Y no se trata de que hagamos de “animadores” de nuestros colaboradores, sino solo cuidar algunos detalles que evitarán la desmotivación laboral, siendo beneficioso, incluso, para mantener el nivel de compromiso.

Tampoco significa que haya que dejar de ser exigentes sino que lo seamos de forma adecuada sabiendo diferenciar una máquina de una persona.

Mucho cuidado con esto porque si se termina instalando un clima de desmotivación, desconfianza, desesperanza o indefensión en el equipo, es muy difícil revertir la situación a corto plazo.

Es como si tenemos un depósito de agua limpia y cristalina (proyectotalento y competencias) y solo nos preocupamos de extraer agua (resultados) sin cuidar el propio depósito (salud física y psicosocial), permitiendo que se oxide y se agriete.

Con el tiempo el agua será tóxica y nos preguntaremos qué ha podido pasar, echándole la culpa al depósito o a la mala suerte, menos preguntarnos qué parte de responsabilidad tenemos nosotros.

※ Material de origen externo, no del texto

(* Let $S$ be an irreducible $\mathcal{C}$-semigroup with Frobenius vector $\mathbf f$, and let $\mathbf x\in I_S(\mathbf f)$ be a minimal generator of $S$ such that (1) $2\mathbf x-\mathbf f\notin S$, (2) $3\mathbf x\neq 2\mathbf f$, and (3) $4\mathbf x\neq 3\mathbf f$. Then $S'=(S\setminus\{\mathbf x\})\cup\{\mathbf f-\mathbf x\}$ is an irreducible $\mathcal{C}$-semigroup with Frobenius vector $\mathbf f$.
   Context: An integer cone $\mathcal{C}\subseteq\mathbb{N}^p$ is the set of integer points of a finitely generated rational cone in $\mathbb{Q}_{\ge0}^p$. A $\mathcal{C}$-semigroup is a subset $S\subseteq\mathcal{C}$ containing $0$, closed under addition, with $\mathcal{C}\setminus S$ finite; $\mathcal{H}(S)=\mathcal{C}\setminus S$. A minimal generator of $S$ is an element of its (unique) minimal generating set, i.e. a nonzero element of $S$ not expressible as a sum of two nonzero elements of $S$. A monomial order $\preceq$ on $\mathbb{N}^p$ is fixed (total order, compatible with addition, $\mathbf 0\preceq\mathbf c$ for all $\mathbf c$); the Frobenius vector is $F(S)=\max_\preceq\mathcal{H}(S)$. $\mathrm{PF}(S)=\{\mathbf y\in\mathcal{H}(S)\mid\mathbf y+(S\setminus\{0\})\subseteq S\}$; $S$ is irreducible if $\mathrm{PF}(S)=\{F(S)\}$ or $\mathrm{PF}(S)=\{F(S),F(S)/2\}$. $\mathbf x\le_{\mathcal{C}}\mathbf y$ means $\mathbf y-\mathbf x\in\mathcal{C}$, and $I_S(\mathbf n)=\{\mathbf s\in S\mid \mathbf s\le_{\mathcal{C}}\mathbf n\}$. The condition $2\mathbf x-\mathbf f\notin S$ is understood in $\mathbb{Z}^p$ (it holds in particular when $2\mathbf x-\mathbf f\notin\mathbb{N}^p$). *)

From HB Require Import structures.
From mathcomp Require Import all_boot all_order all_algebra.
Set Implicit Arguments. Unset Strict Implicit. Unset Printing Implicit Defensive.
Import Order.TTheory GRing.Theory Num.Theory.

Definition vec (p : nat) := {ffun 'I_p -> nat}.

Definition vzero p : vec p := [ffun => 0%N].
Definition vadd p (x y : vec p) : vec p := [ffun i => (x i + y i)%N].
Definition vscale p (n : nat) (x : vec p) : vec p := [ffun i => (n * x i)%N].
(* pointwise (truncated) subtraction; only used when y <=_C x, where it is
   the genuine difference *)
Definition vsub p (x y : vec p) : vec p := [ffun i => (x i - y i)%N].

Definition integer_cone p (C : vec p -> Prop) : Prop :=
  exists (k : nat) (g : 'I_k -> 'I_p -> rat),
    (forall j i, (0 <= g j i)%R) /\
    forall x : vec p, C x <->
      exists lam : 'I_k -> rat, (forall j, (0 <= lam j)%R) /\
        forall i, ((x i)%:R : rat) = (\sum_(j < k) lam j * g j i)%R.

Definition finite_set p (A : vec p -> Prop) : Prop :=
  exists l : seq (vec p), forall x, A x -> x \in l.

Definition hole p (C S : vec p -> Prop) (x : vec p) : Prop := C x /\ ~ S x.

Definition C_semigroup p (C S : vec p -> Prop) : Prop :=
  (forall x, S x -> C x) /\ S (vzero p) /\
  (forall x y, S x -> S y -> S (vadd x y)) /\
  finite_set (hole C S).

Definition monomial_order p (le : rel (vec p)) : Prop :=
  (forall x, le x x) /\
  (forall x y, le x y -> le y x -> x = y) /\
  (forall x y z, le x y -> le y z -> le x z) /\
  (forall x y, le x y \/ le y x) /\
  (forall x y z, le x y -> le (vadd x z) (vadd y z)) /\
  (forall x, le (vzero p) x).

Definition frobenius p (le : rel (vec p)) (C S : vec p -> Prop) (f : vec p) :=
  hole C S f /\ forall h, hole C S h -> le h f.

Definition pseudo_frobenius p (C S : vec p -> Prop) (y : vec p) : Prop :=
  hole C S y /\ forall s, S s -> s <> vzero p -> S (vadd y s).

Definition irreducible p (le : rel (vec p)) (C S : vec p -> Prop) : Prop :=
  exists f, frobenius le C S f /\
    ((forall y, pseudo_frobenius C S y <-> y = f) \/
     (exists h, vadd h h = f /\
        forall y, pseudo_frobenius C S y <-> (y = f \/ y = h))).

Definition minimal_generator p (S : vec p -> Prop) (x : vec p) : Prop :=
  S x /\ x <> vzero p /\
  ~ (exists a b, S a /\ S b /\ a <> vzero p /\ b <> vzero p /\ x = vadd a b).

Definition leC p (C : vec p -> Prop) (x y : vec p) : Prop :=
  exists c, C c /\ vadd x c = y.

Algunos de estos pequeños detalles que debemos cuidar, por muy simples que nos parezcan, son:

  1. Dirigir los estados emocionales de forma inteligente para que éstos no nos dirijan a nosotros
  2. Comunicar regularmente propósito, visión, roles y tareas
  3. Fomentar el trabajo en equipo dando ejemplo con nuestro apoyo
  4. Agradecer el trabajo bien hecho aunque creamos que es una obligación
  5. Fomentar la iniciativa no castigando el error sino aprendiendo de él
  6. Celebrar hitos y metas volantes, de forma austera pero no “piojosa”
  7. Equilibrar los esfuerzos de trabajo con descansos reparadores

En definitiva, si te has fijado se trata de cuidar tu actitud hacia los demás como líder, director o responsable de un proyecto para que los demás lo hagan hacia ti.

Siempre habrá un 15% o 20% de personas que da igual lo que hagas porque seguirán con una mala actitud (amargators).

En ese caso, seguramente, tendrás que despedir pero habrás mejorado ampliamente los porcentajes y con ello los beneficios.

¿O quieres seguir pagando el coste de no cuidar las actitudes?